*What is required:*
Once the line containing "- by move=> /setIP" is found in the entries below, restate it and each following line word for word, stopping after the line containing "case=> [-> _ | [[x".

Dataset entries
Lemma connect_tforest_in D Z x y : D \subset tedges t -> induces_connected t Z ->
  x \in Z -> y \in Z -> connect (pair_rel D) x y -> connect (pair_rel (edges_in D Z)) x y.
Proof.
move=> sD Zconn xZ yZ cxy; set C := component (pair_rel D) x.
have xCZ : x \in C :&: Z by rewrite !inE connect0.
have yCZ : y \in C :&: Z by rewrite !inE cxy.
have Cconn : induces_connected t C.
  apply: (induces_connectedE C).2; rewrite -component_tforest //.
  exact: ncomp_le1 (pair_rel_sym _) (@connect_edges_in_component _ D x).
have CZconn : induces_connected t (C :&: Z).
  by apply: induces_connectedI => //; apply/set0Pn; exists x.
apply: connect_sub (CZconn x y xCZ yCZ) => p q /and3P [tpq /setIP [pC pZ] /setIP [qC qZ]].
apply: connect1; rewrite pair_rel_edges_in pZ qZ !andbT.
have : pair_rel (tedges_in C) p q by rewrite pair_rel_tedges_in /= tpq pC qC.
by rewrite -component_tforest // pair_rel_edges_in => /andP [].
Qed.

Variable H : seq {set V}.
Hypothesis H_host : forall X, X \in H -> induces_connected t X.

Definition I_H_closed Y :=
  forall a b, t a b -> a \in Y -> b \in Y -> I_H H [set a; b] \subset Y.

Lemma obtainable_connected Y : obtainable H Y -> induces_connected t Y.
Proof.
elim=> [X /H_host // | X Y' _ Xconn _ Yconn | F _ _ Fconn cF].
  exact: induces_connectedI.
exact: induces_connected_bigcup.
Qed.

Lemma obtainable_I_H_closed Y : obtainable H Y -> I_H_closed Y.
Proof.
elim=> [X XH | X Y' _ IX _ IY _ | F _ Fob IF cF] a b tab.
- by move=> aX bX; apply: I_H_min XH _; rewrite subUset !sub1set aX bX.
- by move=> /setIP [aX aY] /setIP [bX bY]; rewrite subsetI IX ?IY.
- move=> aF bF; have Fconn Z (ZF : Z \in F) := obtainable_connected (Fob Z ZF).
  have [Z ZF /andP [aZ bZ]] := conn_family_tedge cF Fconn tab aF bF.
  exact: subset_trans (IF Z ZF a b tab aZ bZ) (bigcup_sup Z ZF).
Qed.

Lemma comp_edge_subtree B : comp_edge H B -> 1 < #|B| ->
  induces_connected t B /\ I_H_closed B.
Proof.
case=> [-> _ | [[x ->] | [Bob _] _]]; last first.
- by split; [exact: obtainable_connected | exact: obtainable_I_H_closed].
- by rewrite cards1.
split=> [x y _ _ | a b *]; last exact: subsetT.
by apply: connect_sub (t_connect x y) => u v tuv; apply: connect1; rewrite /= tuv !inE.
Qed.

Definition covered_tedges Hs :=
  [set e in tedges t | has (fun X => e \subset X) Hs].

Lemma covered_tedges_subset Hs : covered_tedges Hs \subset tedges t.
Proof. by apply/subsetP => e; rewrite inE => /andP []. Qed.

*Response for this exercise:*
- by move=> /setIP [aX aY] /setIP [bX bY]; rewrite subsetI IX ?IY.
- move=> aF bF; have Fconn Z (ZF : Z \in F) := obtainable_connected (Fob Z ZF).
  have [Z ZF /andP [aZ bZ]] := conn_family_tedge cF Fconn tab aF bF.
  exact: subset_trans (IF Z ZF a b tab aZ bZ) (bigcup_sup Z ZF).
Qed.

Lemma comp_edge_subtree B : comp_edge H B -> 1 < #|B| ->
  induces_connected t B /\ I_H_closed B.
Proof.
case=> [-> _ | [[x ->] | [Bob _] _]]; last first.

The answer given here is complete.